'''

Lemma SOBS_amgm_mpoly (al : 'X_{1..n}) (K : nat) (s : 'I_n -> R) (t : R) :
  (mdeg al + K = N)%N ->
  SOBS (\sum_(i < n) ((al i)%:R * s i ^+ N) *: 'X_[mpure N i] + (K%:R * t ^+ N)%:MP
        - (N%:R * (\prod_(i < n) s i ^+ al i) * t ^+ K) *: 'X_[al]).
Proof.
move=> deg_al.
pose s0 := [seq (s i *: 'X_[U_(i)%MM], al i) | i <- index_enum 'I_n] ++ [:: (t%:MP, K)].
have sum_s0 : sumn (map snd s0) = N.
  by rewrite map_cat sumn_cat /= addn0 -map_comp sumnE big_map -deg_al mdegE.
have monom_s0 x : x \in s0 -> monom x.1.
  rewrite mem_cat => /orP[/mapP[i _ ->] | /[1!inE] /eqP -> /=]; last exact: monomC.
  by exists (s i), U_(i)%MM.
have := SOBS_amgm sum_s0 monom_s0; congr SOBS.
rewrite !big_cat !big_map !big_seq1 /=.
congr (_ + _ - _).
- apply: eq_bigr => i _.
  by rewrite mulr_natl -scaler_nat exprZn mpolyXn scalerA.
- by rewrite -rmorphXn -mpolyC_nat -mpolyCM.
under eq_bigr => i _ do rewrite exprZn mpolyXn.
rewrite scaler_prod -(big_morph _ (@mpolyXD _ _) (@mpolyX0 _ _)) -multinomUE_id.
by rewrite -rmorphXn mulr_natl -scaler_nat -scalerAl mulrC mul_mpolyC !scalerA mulrAC.
Qed.

(* The coefficients are matched with those of [SOBS_amgm_mpoly] by taking
   N-th roots: s i = ± (b i / al i)^(1/N) and t = tau^(1/N); the signs make the
   coefficient of X^al negative. *)
Lemma SOBS_amgm_term (al : 'X_{1..n}) (b : 'I_n -> R) (tau g : R) :
  (0 < d)%N -> (mdeg al <= N)%N -> g != 0 -> (g < 0 \/ exists i, odd (al i)) ->
  (forall i, 0 <= b i) -> (forall i, b i = 0 <-> al i = 0%N) -> 0 < tau ->
  N%:R ^+ N * mpow b al * tau ^+ (N - mdeg al) = `|g| ^+ N * mself al ->
  SOBS (\sum_(i < n) b i *: 'X_[mpure N i] + ((N - mdeg al)%:R * tau)%:MP + g *: 'X_[al]).
Proof.
move=> d_gt0 deg_al g_neq0 sign_g b_ge0 b0 tau_gt0 mpow_b.
have N_gt0 : (0 < N)%N by rewrite muln_gt0.
have NR_neq0 : (N%:R : R) != 0 by rewrite pnatr_eq0 -lt0n.
have b_gt0 i : (0 < al i)%N -> 0 < b i.
  by move=> al_gt0; rewrite lt_def b_ge0 andbT; apply/eqP => /b0 al0; rewrite al0 in al_gt0.
set K := (N - mdeg al)%N in mpow_b *.
pose r i := Rpower (b i / (al i)%:R) (/ INR N).
pose t := Rpower tau (/ INR N).
have r_root i : (0 < al i)%N -> r i ^+ N = b i / (al i)%:R.
  by move=> al_gt0; rewrite Rpower_invnK // divr_gt0 ?b_gt0 ?ltr0n.
have t_root : t ^+ N = tau by rewrite Rpower_invnK.
have al_r i : (al i)%:R * r i ^+ N = b i.
  case: (posnP (al i)) => [al0 | al_gt0]; first by rewrite al0 mul0r; apply/esym/b0.
  by rewrite r_root // mulrC divfK // pnatr_eq0 -lt0n.
pose M := (\prod_(i < n) r i ^+ al i) * t ^+ K.
have M_ge0 : 0 <= M.
  by rewrite mulr_ge0 ?prodr_ge0 // => *; rewrite exprn_ge0 // ltW // Rpower_gt0.
have M_pow : M ^+ N = (`|g| / N%:R) ^+ N.
  have mpow_r : (\prod_(i < n) r i ^+ al i) ^+ N = mpow b al / mself al.
    have r_al i : (r i ^+ al i) ^+ N = b i ^+ al i / (al i)%:R ^+ al i.
      case: (posnP (al i)) => [-> | al_gt0]; first by rewrite !expr0 expr1n divr1.
      by rewrite -exprM mulnC exprM r_root // expr_div_n.
    by rewrite -prodrXl (eq_bigr _ (fun i _ => r_al i)) prodf_div.
  rewrite exprMn mpow_r -exprM mulnC exprM t_root expr_div_n.
  have mself_neq0 : mself al != 0 by rewrite gt_eqF ?mself_gt0.
  rewrite -(mulfK mself_neq0 (`|g| ^+ N)) -mpow_b; field.
  by rewrite mself_neq0 expf_neq0.
have M_eq : M = `|g| / N%:R.
  by apply: (pexpIrn N_gt0); rewrite ?nnegrE ?divr_ge0 ?ler0n.
have [e [e_sqr e_sign]] := exists_sign_flip g_neq0 sign_g.
have := @SOBS_amgm_mpoly al K (fun i => e i * r i) t ltac:(by rewrite subnKC).
congr SOBS; congr (_ + _ + _).
- apply: eq_bigr => i _.
  by rewrite exprMn exprM e_sqr expr1n mul1r al_r.
- by rewrite t_root.
rewrite -scaleNr; congr (_ *: _); apply: oppr_inj; rewrite opprK -e_sign.
have -> : `|g| = N%:R * M by rewrite M_eq mulrC (divfK NR_neq0).
rewrite (eq_bigr (fun i => e i ^+ al i * r i ^+ al i)) => [|i _]; last exact: exprMn.
by rewrite big_split /= /M; ring.
Qed.

End AMGMTerms.

Lemma SOBS_even_nneg n (p : {mpoly R[n]}) :
  (forall m, p@_m != 0 -> 0 <= p@_m /\ forall i, ~~ odd (m i)) -> SOBS p.
Proof.
move=> p_even; rewrite (mpolyE p) big_seq; apply: SOBS_sum => m.
rewrite mcoeff_msupp => /p_even[p_ge0 m_even].
exists [:: (Num.sqrt p@_m, [multinom (m i)./2 | i < n], 0, 0%MM)].
rewrite big_seq1 /= scale0r subr0 exprZn sqr_sqrtr // mpolyXn; congr (_ *: 'X_[_]).
apply/mnmP => i; rewrite mulmnE mnmE muln2.
by rewrite -{1}(odd_double_half (m i)) (negbTE (m_even i)) add0n.
Qed.

Lemma mpureE n k (i j : 'I_n) : mpure k i j = ((i == j) * k)%N.
Proof. by rewrite /mpure mulmnE mnm1E. Qed.

Lemma eq_mpure n k (i j : 'I_n) : (0 < k)%N -> (mpure k i == mpure k j) = (i == j).
Proof.
move=> k_gt0; apply/eqP/eqP => [/mnmP/(_ j) | -> //].
rewrite !mpureE eqxx mul1n; case: eqP => //= _.
by rewrite mul0n => k0; move: k_gt0; rewrite -k0.
Qed.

'''

Try it: Show every line in the listing above that carries the word "posnP".

Answer:
  case: (posnP (al i)) => [al0 | al_gt0]; first by rewrite al0 mul0r; apply/esym/b0.
      case: (posnP (al i)) => [-> | al_gt0]; first by rewrite !expr0 expr1n divr1.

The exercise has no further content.